Saturday, 15 September 2012

no tomorrow

There are a lot of orgasmic things in life, most beautiful of them for me is music. It's not when you're walking towards your lecture, wearing your earphones - not sure if you're listening to music or avoiding people - some random thoughts clouding your head. It can never in that moment, because you're too engrossed in this gameplay of meeting, colliding, escaping. It happens when you're not conscious about your awkward leg position, your dry as straw hair, or the fact that you're clueless about your future. But like most of the things in life, it comes with an expiry period. Too bad if you missed the moment trying to preserve it - writing about it, blogging, texting, shouting it aloud -  it's okay 'cause you have had too many such fleeting moments of passing joy.


I missed my moment of joy when I was reading a mail. It's like a continuous reminder of how self-centered I am. How this person, let's call him X, mails me everyday telling me about his daily routine, the tiniest details that made his day special and wishes me good luck for future, leaving a note with every mail to talk to him whenever I feel like. Story of an unrequited love - he, the chivalrous hero; me, the cold-heartless narcissist. I can pretend to be in love, but it's too much effort. And I feel I am getting old now, I get tired with all the pretension, already in this crowded city, there's hardly a place to breathe. X lives with the hope that in future, we both will be together, when finally I'd get tired with the world and open my eyes for the first time - as dramatic as it sounds - and realize what a fool I've been all my life. That's not going to happen. Decisions - good or bad that I make, are mine to worry about. And we both can do with less drama in our life. This will continue for few more days and then you're going to hate me eventually. If not hate, then be indifferent. All I am saying is, don't make me wait for months for that to happen.
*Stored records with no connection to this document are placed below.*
(* Consider a system of $k$ parallel $M/M/1$ queues, each with finite capacity $C'$, arrival rate $\mu$ and service rate $\lambda$ per server, where arriving customers join a queue of currently shortest length and are turned away if all queues are full. Let $\epsilon_{n_1, \ldots, n_k}$ be the steady-state probability that there are $n_i$ people in queue $i$ for $i \in \{1, \ldots, k\}$, and let $\zeta_{m_0, m_1, \ldots, m_{C'}}$ be the steady-state probability that there are $m_j$ queues with exactly $j$ customers, for $j \in \{0, 1, \ldots, C'\}$, so that $$\epsilon_{n_1, \ldots, n_k} = \frac{1}{\binom{k}{m_0, \ldots, m_{C'}}} \zeta_{m_0, \ldots, m_{C'}}$$ if $m_j = \sum_{i = 1}^k \mathbf{1}\{n_i = j \}$ for all $j \in \{0, \ldots, C'\}$. Then the $\zeta$ steady-state probabilities satisfy $$\Big(\mathbf{1}\{m_{C'} < k\}\frac{\mu}{\lambda} + (k - m_0) \Big) \zeta_{m_0, m_1, \ldots, m_{C'}} = \sum_{i = 1}^{C'} (m_i + 1) \zeta_{m_0, \ldots, m_{i-2}, m_{i-1} - 1, m_i + 1, \ldots, m_{C'}} + \frac{\mu}{\lambda} \big[\zeta_{m_0 + 1, m_1 - 1, m_2, \ldots, m_{C'}} + \zeta_{0, m_1 + 1, m_2 - 1, \ldots, m_{C'}} + \cdots + \zeta_{0, \ldots, 0, m_{C'-1} + 1, m_{C'} - 1} \big],$$ with $\zeta_{m_0, \ldots, m_{C'}} = 0$ unless $\sum_{j = 0}^{C'} m_j = k$ and $m_j \in \{0, \ldots, k\}$ for all $j$.
   Context: $\binom{k}{m_0,\ldots,m_{C'}}=\frac{k!}{m_0!\cdots m_{C'}!}$ is the multinomial coefficient. The capacity $C'$ of each queue includes the customer being served. Arrivals form a Poisson process of rate $\mu$; each server has exponential service times with rate $\lambda$. *)

From mathcomp Require Import all_boot all_order all_algebra.
Set Implicit Arguments. Unset Strict Implicit. Unset Printing Implicit Defensive.
Import Order.TTheory GRing.Theory Num.Theory.
Local Open Scope ring_scope.

Definition state (k C : nat) := {ffun 'I_k -> 'I_C.+1}.

Definition shortest (k C : nat) (n : state k C) (i : 'I_k) : bool :=
  [forall j, (n i <= n j)%N].

Definition nshort (k C : nat) (n : state k C) : nat :=
  #|[set i | shortest n i]|.

Definition is_upd (k C : nat) (n n' : state k C) (i : 'I_k) (d : int) : bool :=
  [forall j, ((n' j : nat)%:Z == (n j : nat)%:Z + (if j == i then d else 0))].

(* transition rate from n to n' (n' <> n) of the CTMC:
   arrival to a shortest, non-full queue i at rate mu / #shortest
   (customers are turned away when all queues are full),
   departure from a nonempty queue i at rate lam. *)
Definition rate (R : numFieldType) (k C : nat) (mu lam : R) (n n' : state k C) : R :=
  \sum_(i < k)
     ((is_upd n n' i 1)%:R *
        (if shortest n i && (n i < C)%N then mu / (nshort n)%:R else 0)
    + (is_upd n n' i (-1))%:R * lam).

Definition jsq_stationary (R : numFieldType) (k C : nat) (mu lam : R)
    (eps : state k C -> R) : Prop :=
  (forall n, 0 <= eps n) /\ (\sum_n eps n = 1) /\
  (forall n, eps n * (\sum_(n' | n' != n) rate mu lam n n')
             = \sum_(n' | n' != n) eps n' * rate mu lam n' n).

Definition occ (k C : nat) (n : state k C) (j : 'I_C.+1) : nat :=
  #|[set i | n i == j]|.

(* zeta_m = probability that there are m j queues with exactly j customers;
   indices are integers, so zeta_m = 0 automatically unless every m j is in
   0..k and they sum to k *)
Definition zeta (R : numFieldType) (k C : nat) (eps : state k C -> R)
    (m : 'I_C.+1 -> int) : R :=
  \sum_(n | [forall j, (occ n j)%:Z == m j]) eps n.

From mathcomp Require Import all_boot all_order all_algebra zify ring.
Set Implicit Arguments. Unset Strict Implicit. Unset Printing Implicit Defensive.
Import Order.TTheory GRing.Theory Num.Theory.
Local Open Scope ring_scope.

(* Sum the global balance equations over the class of states whose
   occupancy profile is m.  Every state of the class leaves at the same
   total rate: mu unless all queues are full, plus lam for each of the
   k - m_0 busy servers.  A state n' enters the class either by a departure
   from a queue of length i, which requires profile m + e_i - e_(i-1) and can
   happen from any of its m_i + 1 queues of length i, or by an arrival at a
   shortest queue of length j, which requires profile m + e_j - e_(j+1) with
   all levels below j empty; the arrival rate mu is shared evenly among the
   shortest queues, so such a state contributes exactly mu. *)

Lemma sum_indicator_pred1 (R : nzSemiRingType) (T : finType) (P : pred T)
    (x : T) (b : bool) (F : T -> R) :
  \sum_(y | P y) (b && (y == x))%:R * F y = (b && P x)%:R * F x.
Proof.
rewrite big_mkcond (bigD1 x) //= eqxx andbT big1 ?addr0 => [|y /negbTE ->].
  by case: (P x); rewrite ?andbT ?andbF ?mul0r.
by rewrite andbF mul0r; case: (P y).
Qed.

Lemma sum_ord_indicator (R : nzSemiRingType) (N a : nat) :
  \sum_(j < N) ((val j == a)%:R : R) = (a < N)%:R.
Proof.
case: ltnP => [lt_aN | le_Na]; last first.
  by rewrite big1 // => j _; rewrite (ltn_eqF (leq_trans (ltn_ord j) le_Na)).
rewrite (bigD1 (Ordinal lt_aN)) //= eqxx big1 ?addr0 // => j.
by rewrite -val_eqE => /negbTE ->.
Qed.

Section Occupancy.
Variables k C : nat.
Implicit Types (n : state k C) (i : 'I_k) (f : 'I_C.+1 -> int).

Definition upd n i (w : 'I_C.+1) : state k C :=
  [ffun l => if l == i then w else n l].
Definition arrive n i := upd n i (inord (n i).+1).
Definition depart n i := upd n i (inord (n i).-1).

Lemma is_upd_arrive n n' i :
  is_upd n n' i 1 = (n i < C)%N && (n' == arrive n i).
Proof.
apply/forallP/andP => [upd_n' | [lt_niC /eqP ->] j].
- have /eqP upd_i := upd_n' i; rewrite eqxx in upd_i.
  have lt_niC : (n i < C)%N by have := ltn_ord (n' i); lia.
  split=> //; apply/eqP/ffunP => j; rewrite ffunE; case: eqP => [-> | /eqP ne].
    by apply/val_inj; rewrite /= inordK //; lia.
  by apply/val_inj; move/eqP: (upd_n' j); rewrite (negbTE ne) /= addr0; lia.
- by rewrite ffunE; case: (j =P i) => [-> | _]; rewrite ?inordK ?addr0 //; apply/eqP; lia.
Qed.

Lemma is_upd_depart n n' i :
  is_upd n n' i (-1) = (0 < n i)%N && (n' == depart n i).
Proof.
have le_niC := ltn_ord (n i).
apply/forallP/andP => [upd_n' | [gt0_ni /eqP ->] j].
- have /eqP upd_i := upd_n' i; rewrite eqxx in upd_i.
  have gt0_ni : (0 < n i)%N by lia.
  split=> //; apply/eqP/ffunP => j; rewrite ffunE; case: eqP => [-> | /eqP ne].
    by apply/val_inj; rewrite /= inordK //; lia.
  by apply/val_inj; move/eqP: (upd_n' j); rewrite (negbTE ne) /= addr0; lia.
- by rewrite ffunE; case: (j =P i) => [-> | _]; rewrite ?inordK ?addr0 //; apply/eqP; lia.
Qed.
Cut to the chase and we both will do fine. Will Breathe.



Hello, there.

The first post like first of everything has a little bit of excitement and a fear that it's going to be old, a routine soon. Do I want to escape that monotonous, banal state of mind? Instinctively, yes - logically, no. 

I have often enjoyed the first's. Except my first kiss with a girl (I'm a fantabulous kisser but it's the girl whom I'm indifferent towards. Few drinks and I'm a gonner.) and my first time (again, alcohol does me no good). It's more of a whine then regret. I hope a blog would do me less harm. 


I plan to speak few of my thoughts here. The ones I wouldn't usually share with anyone. Being anonymous is bliss 'til you remain so.


Make love, safely -with War, you can take chances.